• Given records
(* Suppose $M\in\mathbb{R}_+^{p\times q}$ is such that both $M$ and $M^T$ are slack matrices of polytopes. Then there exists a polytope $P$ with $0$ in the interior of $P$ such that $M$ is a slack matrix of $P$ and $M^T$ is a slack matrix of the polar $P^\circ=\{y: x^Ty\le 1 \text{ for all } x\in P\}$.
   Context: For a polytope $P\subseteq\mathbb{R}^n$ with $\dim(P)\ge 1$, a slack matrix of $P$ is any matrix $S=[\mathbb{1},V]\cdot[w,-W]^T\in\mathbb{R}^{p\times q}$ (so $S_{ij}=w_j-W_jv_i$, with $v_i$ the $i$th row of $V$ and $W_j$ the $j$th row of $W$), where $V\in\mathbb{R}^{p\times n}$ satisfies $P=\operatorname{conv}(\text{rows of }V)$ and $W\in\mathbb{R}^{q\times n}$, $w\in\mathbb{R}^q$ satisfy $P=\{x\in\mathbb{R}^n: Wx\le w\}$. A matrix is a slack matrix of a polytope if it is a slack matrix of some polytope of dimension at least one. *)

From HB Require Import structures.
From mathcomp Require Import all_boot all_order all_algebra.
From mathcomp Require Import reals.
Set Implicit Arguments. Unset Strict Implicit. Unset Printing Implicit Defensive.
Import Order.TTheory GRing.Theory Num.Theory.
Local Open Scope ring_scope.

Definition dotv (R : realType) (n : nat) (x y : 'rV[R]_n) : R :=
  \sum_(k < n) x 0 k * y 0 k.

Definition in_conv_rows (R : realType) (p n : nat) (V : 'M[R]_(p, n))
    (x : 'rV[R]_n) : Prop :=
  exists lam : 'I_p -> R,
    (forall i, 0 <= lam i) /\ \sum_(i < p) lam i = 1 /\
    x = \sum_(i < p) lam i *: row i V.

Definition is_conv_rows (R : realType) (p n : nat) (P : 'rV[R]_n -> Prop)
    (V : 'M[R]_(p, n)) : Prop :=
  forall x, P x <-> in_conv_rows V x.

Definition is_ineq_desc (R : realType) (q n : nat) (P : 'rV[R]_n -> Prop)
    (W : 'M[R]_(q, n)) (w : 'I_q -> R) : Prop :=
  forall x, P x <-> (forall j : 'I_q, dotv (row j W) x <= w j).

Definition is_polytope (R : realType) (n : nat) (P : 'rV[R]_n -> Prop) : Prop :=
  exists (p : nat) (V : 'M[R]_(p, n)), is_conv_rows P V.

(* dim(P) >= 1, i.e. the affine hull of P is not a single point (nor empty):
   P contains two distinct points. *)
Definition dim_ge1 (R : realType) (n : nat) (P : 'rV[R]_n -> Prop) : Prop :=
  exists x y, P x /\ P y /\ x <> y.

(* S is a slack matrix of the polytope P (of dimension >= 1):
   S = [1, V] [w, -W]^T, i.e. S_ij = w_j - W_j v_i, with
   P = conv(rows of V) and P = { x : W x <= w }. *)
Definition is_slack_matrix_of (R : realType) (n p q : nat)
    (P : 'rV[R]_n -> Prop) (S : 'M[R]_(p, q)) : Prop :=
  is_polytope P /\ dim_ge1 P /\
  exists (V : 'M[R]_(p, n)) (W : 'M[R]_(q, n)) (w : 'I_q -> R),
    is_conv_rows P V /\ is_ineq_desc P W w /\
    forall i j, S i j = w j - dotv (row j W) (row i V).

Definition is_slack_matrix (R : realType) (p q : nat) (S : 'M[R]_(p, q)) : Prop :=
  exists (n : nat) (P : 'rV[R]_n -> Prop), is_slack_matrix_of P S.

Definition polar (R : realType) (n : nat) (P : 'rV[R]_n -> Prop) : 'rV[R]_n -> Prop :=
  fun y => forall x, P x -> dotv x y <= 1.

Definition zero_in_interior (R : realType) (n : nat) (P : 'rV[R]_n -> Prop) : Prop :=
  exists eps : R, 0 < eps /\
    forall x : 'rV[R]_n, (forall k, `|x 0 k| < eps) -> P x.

==

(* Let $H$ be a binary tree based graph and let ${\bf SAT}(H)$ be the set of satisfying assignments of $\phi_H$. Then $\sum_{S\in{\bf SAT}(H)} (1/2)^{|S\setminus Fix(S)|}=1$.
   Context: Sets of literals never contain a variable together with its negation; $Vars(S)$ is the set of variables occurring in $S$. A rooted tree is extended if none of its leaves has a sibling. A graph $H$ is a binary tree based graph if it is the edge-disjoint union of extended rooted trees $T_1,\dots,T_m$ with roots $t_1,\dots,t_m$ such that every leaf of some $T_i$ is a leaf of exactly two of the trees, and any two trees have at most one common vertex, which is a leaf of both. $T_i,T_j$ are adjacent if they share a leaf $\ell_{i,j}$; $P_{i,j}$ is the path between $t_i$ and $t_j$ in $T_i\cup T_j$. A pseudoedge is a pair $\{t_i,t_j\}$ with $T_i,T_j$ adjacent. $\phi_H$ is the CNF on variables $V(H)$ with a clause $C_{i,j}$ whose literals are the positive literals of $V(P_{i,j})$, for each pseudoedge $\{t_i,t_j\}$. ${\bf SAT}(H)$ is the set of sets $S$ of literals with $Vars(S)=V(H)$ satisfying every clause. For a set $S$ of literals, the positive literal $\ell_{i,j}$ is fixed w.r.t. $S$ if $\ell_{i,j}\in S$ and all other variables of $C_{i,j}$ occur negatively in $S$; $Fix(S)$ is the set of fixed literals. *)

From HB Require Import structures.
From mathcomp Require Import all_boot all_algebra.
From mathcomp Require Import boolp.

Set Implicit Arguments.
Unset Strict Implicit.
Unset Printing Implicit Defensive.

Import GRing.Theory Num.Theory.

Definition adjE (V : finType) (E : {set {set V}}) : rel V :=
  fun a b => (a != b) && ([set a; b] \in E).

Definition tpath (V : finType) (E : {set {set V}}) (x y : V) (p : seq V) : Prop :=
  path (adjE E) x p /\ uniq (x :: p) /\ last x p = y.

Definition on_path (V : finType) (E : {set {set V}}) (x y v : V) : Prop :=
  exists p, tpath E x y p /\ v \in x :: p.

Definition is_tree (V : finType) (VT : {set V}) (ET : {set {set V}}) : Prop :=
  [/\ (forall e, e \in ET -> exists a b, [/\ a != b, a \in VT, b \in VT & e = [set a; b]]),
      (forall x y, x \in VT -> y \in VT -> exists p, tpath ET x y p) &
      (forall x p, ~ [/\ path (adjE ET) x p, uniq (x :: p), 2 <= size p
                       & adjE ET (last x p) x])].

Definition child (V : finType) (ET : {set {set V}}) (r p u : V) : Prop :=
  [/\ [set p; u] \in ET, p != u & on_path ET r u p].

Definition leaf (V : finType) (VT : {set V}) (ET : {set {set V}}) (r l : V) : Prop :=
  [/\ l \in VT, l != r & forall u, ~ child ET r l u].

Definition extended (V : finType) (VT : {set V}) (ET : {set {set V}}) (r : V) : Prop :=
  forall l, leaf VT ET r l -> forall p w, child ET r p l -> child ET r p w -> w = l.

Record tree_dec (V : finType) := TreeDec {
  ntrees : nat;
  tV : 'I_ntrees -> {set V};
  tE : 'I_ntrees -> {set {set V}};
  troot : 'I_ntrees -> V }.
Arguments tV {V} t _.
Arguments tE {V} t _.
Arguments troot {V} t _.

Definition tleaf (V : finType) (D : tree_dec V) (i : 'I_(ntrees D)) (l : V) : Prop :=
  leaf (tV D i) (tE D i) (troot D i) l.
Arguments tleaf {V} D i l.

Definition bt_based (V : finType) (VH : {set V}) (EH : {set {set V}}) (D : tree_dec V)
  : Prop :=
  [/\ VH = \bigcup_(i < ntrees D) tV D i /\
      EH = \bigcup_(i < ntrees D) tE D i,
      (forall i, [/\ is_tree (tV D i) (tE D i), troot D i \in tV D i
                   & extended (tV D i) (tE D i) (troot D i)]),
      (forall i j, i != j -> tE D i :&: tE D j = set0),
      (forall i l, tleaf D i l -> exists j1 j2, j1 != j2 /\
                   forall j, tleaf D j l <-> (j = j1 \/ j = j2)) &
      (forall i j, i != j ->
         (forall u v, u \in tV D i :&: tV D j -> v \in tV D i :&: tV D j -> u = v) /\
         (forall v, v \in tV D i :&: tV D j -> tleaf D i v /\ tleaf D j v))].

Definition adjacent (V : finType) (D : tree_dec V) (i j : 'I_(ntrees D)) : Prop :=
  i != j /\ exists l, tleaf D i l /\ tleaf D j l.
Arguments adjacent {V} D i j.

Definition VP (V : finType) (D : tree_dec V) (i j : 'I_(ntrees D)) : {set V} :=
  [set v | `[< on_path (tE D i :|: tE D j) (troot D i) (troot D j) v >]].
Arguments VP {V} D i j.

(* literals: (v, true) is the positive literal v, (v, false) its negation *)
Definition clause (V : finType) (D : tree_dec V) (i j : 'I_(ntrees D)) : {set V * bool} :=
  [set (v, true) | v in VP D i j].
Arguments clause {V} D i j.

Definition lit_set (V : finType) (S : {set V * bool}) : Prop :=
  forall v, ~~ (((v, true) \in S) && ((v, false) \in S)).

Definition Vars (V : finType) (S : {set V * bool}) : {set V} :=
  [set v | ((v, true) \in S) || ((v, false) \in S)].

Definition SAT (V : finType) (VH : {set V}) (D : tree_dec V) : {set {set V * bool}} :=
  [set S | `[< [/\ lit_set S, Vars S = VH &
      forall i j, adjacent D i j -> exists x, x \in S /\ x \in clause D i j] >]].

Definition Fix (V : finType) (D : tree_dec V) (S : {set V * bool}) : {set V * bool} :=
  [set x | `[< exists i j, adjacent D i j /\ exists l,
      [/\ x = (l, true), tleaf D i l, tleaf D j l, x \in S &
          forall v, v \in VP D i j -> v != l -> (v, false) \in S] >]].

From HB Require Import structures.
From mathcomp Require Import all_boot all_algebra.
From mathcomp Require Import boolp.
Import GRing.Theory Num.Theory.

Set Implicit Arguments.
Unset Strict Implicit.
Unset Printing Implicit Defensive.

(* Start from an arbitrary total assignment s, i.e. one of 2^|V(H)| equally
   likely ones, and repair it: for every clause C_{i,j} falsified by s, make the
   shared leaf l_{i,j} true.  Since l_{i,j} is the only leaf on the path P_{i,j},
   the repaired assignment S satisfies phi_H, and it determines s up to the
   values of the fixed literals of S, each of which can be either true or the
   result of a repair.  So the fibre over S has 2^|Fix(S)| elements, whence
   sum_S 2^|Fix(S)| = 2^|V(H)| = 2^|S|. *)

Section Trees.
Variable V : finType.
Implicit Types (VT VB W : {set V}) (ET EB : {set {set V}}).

...

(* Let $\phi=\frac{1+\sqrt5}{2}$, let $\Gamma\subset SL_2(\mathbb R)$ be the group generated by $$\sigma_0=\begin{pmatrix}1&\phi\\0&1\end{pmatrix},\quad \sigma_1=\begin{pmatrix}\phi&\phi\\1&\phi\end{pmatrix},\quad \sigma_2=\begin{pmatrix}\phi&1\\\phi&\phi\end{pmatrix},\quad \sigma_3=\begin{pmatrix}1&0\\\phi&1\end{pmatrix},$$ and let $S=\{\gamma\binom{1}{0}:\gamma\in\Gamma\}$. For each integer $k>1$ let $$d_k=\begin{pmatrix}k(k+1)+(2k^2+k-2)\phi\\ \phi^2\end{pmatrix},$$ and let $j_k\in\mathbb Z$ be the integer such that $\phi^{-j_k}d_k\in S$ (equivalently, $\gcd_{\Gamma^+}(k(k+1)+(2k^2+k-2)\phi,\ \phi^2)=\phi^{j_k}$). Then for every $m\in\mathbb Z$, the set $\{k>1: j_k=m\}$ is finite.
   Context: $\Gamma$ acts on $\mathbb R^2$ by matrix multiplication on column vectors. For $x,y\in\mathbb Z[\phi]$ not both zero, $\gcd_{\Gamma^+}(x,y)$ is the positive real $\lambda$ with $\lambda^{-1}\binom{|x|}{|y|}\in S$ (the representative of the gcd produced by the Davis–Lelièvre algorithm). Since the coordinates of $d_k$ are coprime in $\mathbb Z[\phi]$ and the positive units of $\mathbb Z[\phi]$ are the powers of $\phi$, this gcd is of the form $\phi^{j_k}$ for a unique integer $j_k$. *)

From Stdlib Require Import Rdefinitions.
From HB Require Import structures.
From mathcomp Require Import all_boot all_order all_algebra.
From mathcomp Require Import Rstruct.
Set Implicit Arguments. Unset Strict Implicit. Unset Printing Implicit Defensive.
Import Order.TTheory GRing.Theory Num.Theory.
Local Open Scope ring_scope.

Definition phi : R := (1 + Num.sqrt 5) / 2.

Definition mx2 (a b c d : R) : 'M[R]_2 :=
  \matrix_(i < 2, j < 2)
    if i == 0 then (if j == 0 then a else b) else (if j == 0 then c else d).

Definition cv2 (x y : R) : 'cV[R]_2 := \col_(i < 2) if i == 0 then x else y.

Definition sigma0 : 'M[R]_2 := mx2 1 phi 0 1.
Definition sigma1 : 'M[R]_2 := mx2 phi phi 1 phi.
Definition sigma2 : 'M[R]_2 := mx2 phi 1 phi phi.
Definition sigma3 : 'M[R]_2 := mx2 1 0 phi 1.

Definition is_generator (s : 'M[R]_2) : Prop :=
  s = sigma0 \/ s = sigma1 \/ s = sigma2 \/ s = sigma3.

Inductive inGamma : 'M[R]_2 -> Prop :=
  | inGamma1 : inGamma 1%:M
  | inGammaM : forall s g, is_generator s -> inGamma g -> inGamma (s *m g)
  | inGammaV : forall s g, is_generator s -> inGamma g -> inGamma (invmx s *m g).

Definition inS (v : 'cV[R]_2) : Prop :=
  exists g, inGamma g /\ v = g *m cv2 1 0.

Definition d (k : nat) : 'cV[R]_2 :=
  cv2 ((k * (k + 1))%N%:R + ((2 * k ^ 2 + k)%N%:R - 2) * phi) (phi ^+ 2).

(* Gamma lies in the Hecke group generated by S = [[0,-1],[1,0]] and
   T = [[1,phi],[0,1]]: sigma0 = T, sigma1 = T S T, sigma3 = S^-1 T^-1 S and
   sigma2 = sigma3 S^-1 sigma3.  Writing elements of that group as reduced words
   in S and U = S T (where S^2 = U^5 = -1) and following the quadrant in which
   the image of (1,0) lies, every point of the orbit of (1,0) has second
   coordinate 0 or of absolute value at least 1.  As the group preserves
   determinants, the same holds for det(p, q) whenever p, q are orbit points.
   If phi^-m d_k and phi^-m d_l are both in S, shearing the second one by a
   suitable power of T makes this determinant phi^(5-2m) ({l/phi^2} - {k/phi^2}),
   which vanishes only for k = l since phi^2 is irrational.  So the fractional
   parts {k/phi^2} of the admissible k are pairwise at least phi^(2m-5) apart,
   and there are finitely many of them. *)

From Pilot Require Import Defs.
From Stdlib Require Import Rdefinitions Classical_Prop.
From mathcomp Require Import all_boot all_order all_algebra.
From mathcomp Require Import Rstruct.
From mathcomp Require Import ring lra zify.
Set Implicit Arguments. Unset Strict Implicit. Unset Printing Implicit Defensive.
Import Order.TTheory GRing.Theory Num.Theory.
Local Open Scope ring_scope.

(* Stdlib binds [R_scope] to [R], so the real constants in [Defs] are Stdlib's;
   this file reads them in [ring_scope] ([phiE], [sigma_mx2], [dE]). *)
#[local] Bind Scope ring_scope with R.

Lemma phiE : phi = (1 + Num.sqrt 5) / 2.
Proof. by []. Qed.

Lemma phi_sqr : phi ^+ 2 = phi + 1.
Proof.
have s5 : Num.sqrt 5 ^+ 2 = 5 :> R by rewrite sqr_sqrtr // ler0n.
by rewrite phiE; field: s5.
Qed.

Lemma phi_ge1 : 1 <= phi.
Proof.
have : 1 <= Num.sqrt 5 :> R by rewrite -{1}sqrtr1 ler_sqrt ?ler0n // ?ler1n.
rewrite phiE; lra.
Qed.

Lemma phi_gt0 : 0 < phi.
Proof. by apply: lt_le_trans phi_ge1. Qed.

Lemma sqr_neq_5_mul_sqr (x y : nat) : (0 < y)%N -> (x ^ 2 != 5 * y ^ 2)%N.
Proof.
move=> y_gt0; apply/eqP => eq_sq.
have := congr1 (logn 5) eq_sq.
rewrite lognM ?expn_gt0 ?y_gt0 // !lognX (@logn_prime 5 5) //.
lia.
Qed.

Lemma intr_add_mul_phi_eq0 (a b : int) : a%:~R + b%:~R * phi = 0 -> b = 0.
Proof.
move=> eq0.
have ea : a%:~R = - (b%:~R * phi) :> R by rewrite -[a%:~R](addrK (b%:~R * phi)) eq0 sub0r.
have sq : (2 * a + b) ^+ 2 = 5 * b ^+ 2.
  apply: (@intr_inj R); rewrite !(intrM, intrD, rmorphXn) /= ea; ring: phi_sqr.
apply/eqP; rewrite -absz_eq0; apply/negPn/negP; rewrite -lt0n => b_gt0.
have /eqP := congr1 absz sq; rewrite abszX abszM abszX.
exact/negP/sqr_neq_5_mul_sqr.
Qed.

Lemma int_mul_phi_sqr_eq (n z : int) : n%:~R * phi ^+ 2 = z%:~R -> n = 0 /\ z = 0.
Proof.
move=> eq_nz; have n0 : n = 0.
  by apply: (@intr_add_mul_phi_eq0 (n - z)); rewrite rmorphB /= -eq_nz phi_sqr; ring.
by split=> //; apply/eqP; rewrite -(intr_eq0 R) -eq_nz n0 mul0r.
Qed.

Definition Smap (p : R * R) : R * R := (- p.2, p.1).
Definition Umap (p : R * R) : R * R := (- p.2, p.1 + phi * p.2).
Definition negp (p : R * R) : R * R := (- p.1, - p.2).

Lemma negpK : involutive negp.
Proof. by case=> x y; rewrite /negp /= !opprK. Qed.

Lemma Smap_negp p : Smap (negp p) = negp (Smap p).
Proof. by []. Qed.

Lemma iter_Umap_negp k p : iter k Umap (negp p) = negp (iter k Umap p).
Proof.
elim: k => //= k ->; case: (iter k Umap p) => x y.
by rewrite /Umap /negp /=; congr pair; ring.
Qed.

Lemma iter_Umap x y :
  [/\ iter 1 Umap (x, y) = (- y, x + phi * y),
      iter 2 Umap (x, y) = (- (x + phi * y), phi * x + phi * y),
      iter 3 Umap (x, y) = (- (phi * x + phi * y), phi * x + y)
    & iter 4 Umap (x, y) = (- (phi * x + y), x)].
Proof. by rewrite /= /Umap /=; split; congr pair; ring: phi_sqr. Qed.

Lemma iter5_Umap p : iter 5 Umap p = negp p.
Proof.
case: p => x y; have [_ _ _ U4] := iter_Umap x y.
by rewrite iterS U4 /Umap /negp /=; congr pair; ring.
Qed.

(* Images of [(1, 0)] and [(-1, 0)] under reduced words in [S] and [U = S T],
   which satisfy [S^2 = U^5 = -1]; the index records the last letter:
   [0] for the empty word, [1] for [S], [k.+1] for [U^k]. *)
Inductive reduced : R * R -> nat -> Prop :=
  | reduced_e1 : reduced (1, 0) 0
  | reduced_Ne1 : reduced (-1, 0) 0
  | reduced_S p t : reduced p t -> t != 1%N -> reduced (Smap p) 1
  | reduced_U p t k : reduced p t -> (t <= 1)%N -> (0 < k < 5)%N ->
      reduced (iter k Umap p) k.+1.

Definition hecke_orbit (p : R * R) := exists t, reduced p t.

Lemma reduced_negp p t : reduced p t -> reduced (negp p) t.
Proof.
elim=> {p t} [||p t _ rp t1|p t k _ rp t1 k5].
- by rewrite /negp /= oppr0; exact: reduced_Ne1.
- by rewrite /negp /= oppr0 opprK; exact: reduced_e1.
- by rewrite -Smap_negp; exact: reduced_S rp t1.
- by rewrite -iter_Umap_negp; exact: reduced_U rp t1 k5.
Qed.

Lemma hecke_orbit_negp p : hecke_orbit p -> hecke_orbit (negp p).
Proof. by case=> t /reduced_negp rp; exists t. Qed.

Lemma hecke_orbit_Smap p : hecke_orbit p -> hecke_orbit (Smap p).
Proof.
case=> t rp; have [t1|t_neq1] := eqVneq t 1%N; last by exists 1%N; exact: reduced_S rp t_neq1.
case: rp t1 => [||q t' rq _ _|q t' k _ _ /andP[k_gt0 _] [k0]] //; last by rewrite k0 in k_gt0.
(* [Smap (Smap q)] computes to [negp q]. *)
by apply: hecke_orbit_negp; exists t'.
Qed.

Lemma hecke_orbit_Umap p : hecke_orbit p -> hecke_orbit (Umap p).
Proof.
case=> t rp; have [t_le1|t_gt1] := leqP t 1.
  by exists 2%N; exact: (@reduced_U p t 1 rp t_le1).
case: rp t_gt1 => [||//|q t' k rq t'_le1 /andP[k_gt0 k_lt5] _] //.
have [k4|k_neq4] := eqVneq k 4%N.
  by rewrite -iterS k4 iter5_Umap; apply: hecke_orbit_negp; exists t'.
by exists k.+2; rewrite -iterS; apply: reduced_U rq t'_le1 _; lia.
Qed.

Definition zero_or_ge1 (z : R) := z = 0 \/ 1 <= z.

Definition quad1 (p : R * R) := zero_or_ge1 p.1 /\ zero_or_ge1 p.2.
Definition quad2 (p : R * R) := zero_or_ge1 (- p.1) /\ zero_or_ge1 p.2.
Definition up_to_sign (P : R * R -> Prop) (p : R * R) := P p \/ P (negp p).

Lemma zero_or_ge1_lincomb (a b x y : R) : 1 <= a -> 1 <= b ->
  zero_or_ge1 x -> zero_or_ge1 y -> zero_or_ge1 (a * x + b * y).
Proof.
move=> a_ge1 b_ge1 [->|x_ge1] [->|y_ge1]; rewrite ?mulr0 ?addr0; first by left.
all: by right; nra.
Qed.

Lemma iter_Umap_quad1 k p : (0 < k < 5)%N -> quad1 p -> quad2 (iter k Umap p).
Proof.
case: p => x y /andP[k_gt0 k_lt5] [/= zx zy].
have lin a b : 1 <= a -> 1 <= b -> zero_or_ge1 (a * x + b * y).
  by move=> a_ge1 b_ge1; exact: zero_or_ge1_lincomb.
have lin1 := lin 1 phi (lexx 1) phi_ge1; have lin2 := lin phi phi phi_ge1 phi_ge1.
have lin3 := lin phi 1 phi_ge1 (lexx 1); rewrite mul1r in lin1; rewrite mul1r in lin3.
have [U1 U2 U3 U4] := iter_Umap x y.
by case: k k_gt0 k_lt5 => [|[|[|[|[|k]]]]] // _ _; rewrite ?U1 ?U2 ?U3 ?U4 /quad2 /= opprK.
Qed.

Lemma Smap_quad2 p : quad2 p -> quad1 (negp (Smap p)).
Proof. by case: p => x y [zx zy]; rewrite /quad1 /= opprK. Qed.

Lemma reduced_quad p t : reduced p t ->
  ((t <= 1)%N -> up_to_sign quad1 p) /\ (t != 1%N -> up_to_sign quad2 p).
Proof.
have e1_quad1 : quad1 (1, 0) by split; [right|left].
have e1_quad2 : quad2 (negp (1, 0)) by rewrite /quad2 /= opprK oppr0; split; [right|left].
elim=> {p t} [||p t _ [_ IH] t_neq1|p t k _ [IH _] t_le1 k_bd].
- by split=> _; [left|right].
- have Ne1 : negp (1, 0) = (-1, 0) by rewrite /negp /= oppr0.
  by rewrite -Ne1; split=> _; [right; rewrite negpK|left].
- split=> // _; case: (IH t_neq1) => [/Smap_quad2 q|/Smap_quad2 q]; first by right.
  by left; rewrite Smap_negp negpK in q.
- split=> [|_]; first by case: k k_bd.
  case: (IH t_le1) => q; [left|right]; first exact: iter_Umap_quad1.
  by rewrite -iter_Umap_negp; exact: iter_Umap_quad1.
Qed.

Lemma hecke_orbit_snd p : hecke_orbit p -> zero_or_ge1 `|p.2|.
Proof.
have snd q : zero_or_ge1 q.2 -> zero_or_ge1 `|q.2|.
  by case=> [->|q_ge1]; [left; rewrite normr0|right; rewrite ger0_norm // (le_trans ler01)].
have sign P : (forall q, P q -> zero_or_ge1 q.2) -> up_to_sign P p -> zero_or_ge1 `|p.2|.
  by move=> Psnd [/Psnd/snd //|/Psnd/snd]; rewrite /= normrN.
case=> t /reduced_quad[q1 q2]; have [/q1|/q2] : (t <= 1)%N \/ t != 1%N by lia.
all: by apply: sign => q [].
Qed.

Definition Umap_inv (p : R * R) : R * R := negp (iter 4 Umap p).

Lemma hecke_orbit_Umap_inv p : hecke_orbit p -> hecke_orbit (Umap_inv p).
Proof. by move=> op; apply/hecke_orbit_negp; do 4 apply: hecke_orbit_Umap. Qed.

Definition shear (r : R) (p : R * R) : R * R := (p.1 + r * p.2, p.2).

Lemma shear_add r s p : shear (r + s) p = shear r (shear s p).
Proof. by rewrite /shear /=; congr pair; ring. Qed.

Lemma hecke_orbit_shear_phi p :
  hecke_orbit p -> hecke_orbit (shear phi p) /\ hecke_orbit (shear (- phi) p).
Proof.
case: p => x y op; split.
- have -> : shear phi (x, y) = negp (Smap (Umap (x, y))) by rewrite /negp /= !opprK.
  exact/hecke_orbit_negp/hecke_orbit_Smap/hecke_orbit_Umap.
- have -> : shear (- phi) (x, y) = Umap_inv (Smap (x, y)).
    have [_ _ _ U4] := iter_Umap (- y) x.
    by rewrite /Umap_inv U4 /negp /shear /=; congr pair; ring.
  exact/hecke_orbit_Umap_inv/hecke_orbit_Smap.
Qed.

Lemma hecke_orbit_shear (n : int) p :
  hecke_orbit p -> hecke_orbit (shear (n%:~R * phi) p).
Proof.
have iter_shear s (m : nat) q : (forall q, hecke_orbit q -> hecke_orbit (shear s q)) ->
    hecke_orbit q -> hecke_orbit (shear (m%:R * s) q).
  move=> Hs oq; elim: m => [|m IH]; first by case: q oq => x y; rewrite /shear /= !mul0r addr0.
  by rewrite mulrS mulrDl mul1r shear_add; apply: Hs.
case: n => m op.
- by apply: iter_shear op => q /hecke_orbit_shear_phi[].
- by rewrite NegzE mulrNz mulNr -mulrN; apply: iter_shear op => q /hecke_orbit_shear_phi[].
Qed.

• Problem to solve
Where the data above reaches the line holding "Definition polar (R", begin printing, and stop after the line holding "forall x : 'rV[R]_n, (forall". Each line must be reproduced exactly, with nothing else added.

• Written answer
Definition polar (R : realType) (n : nat) (P : 'rV[R]_n -> Prop) : 'rV[R]_n -> Prop :=
  fun y => forall x, P x -> dotv x y <= 1.

Definition zero_in_interior (R : realType) (n : nat) (P : 'rV[R]_n -> Prop) : Prop :=
  exists eps : R, 0 < eps /\
    forall x : 'rV[R]_n, (forall k, `|x 0 k| < eps) -> P x.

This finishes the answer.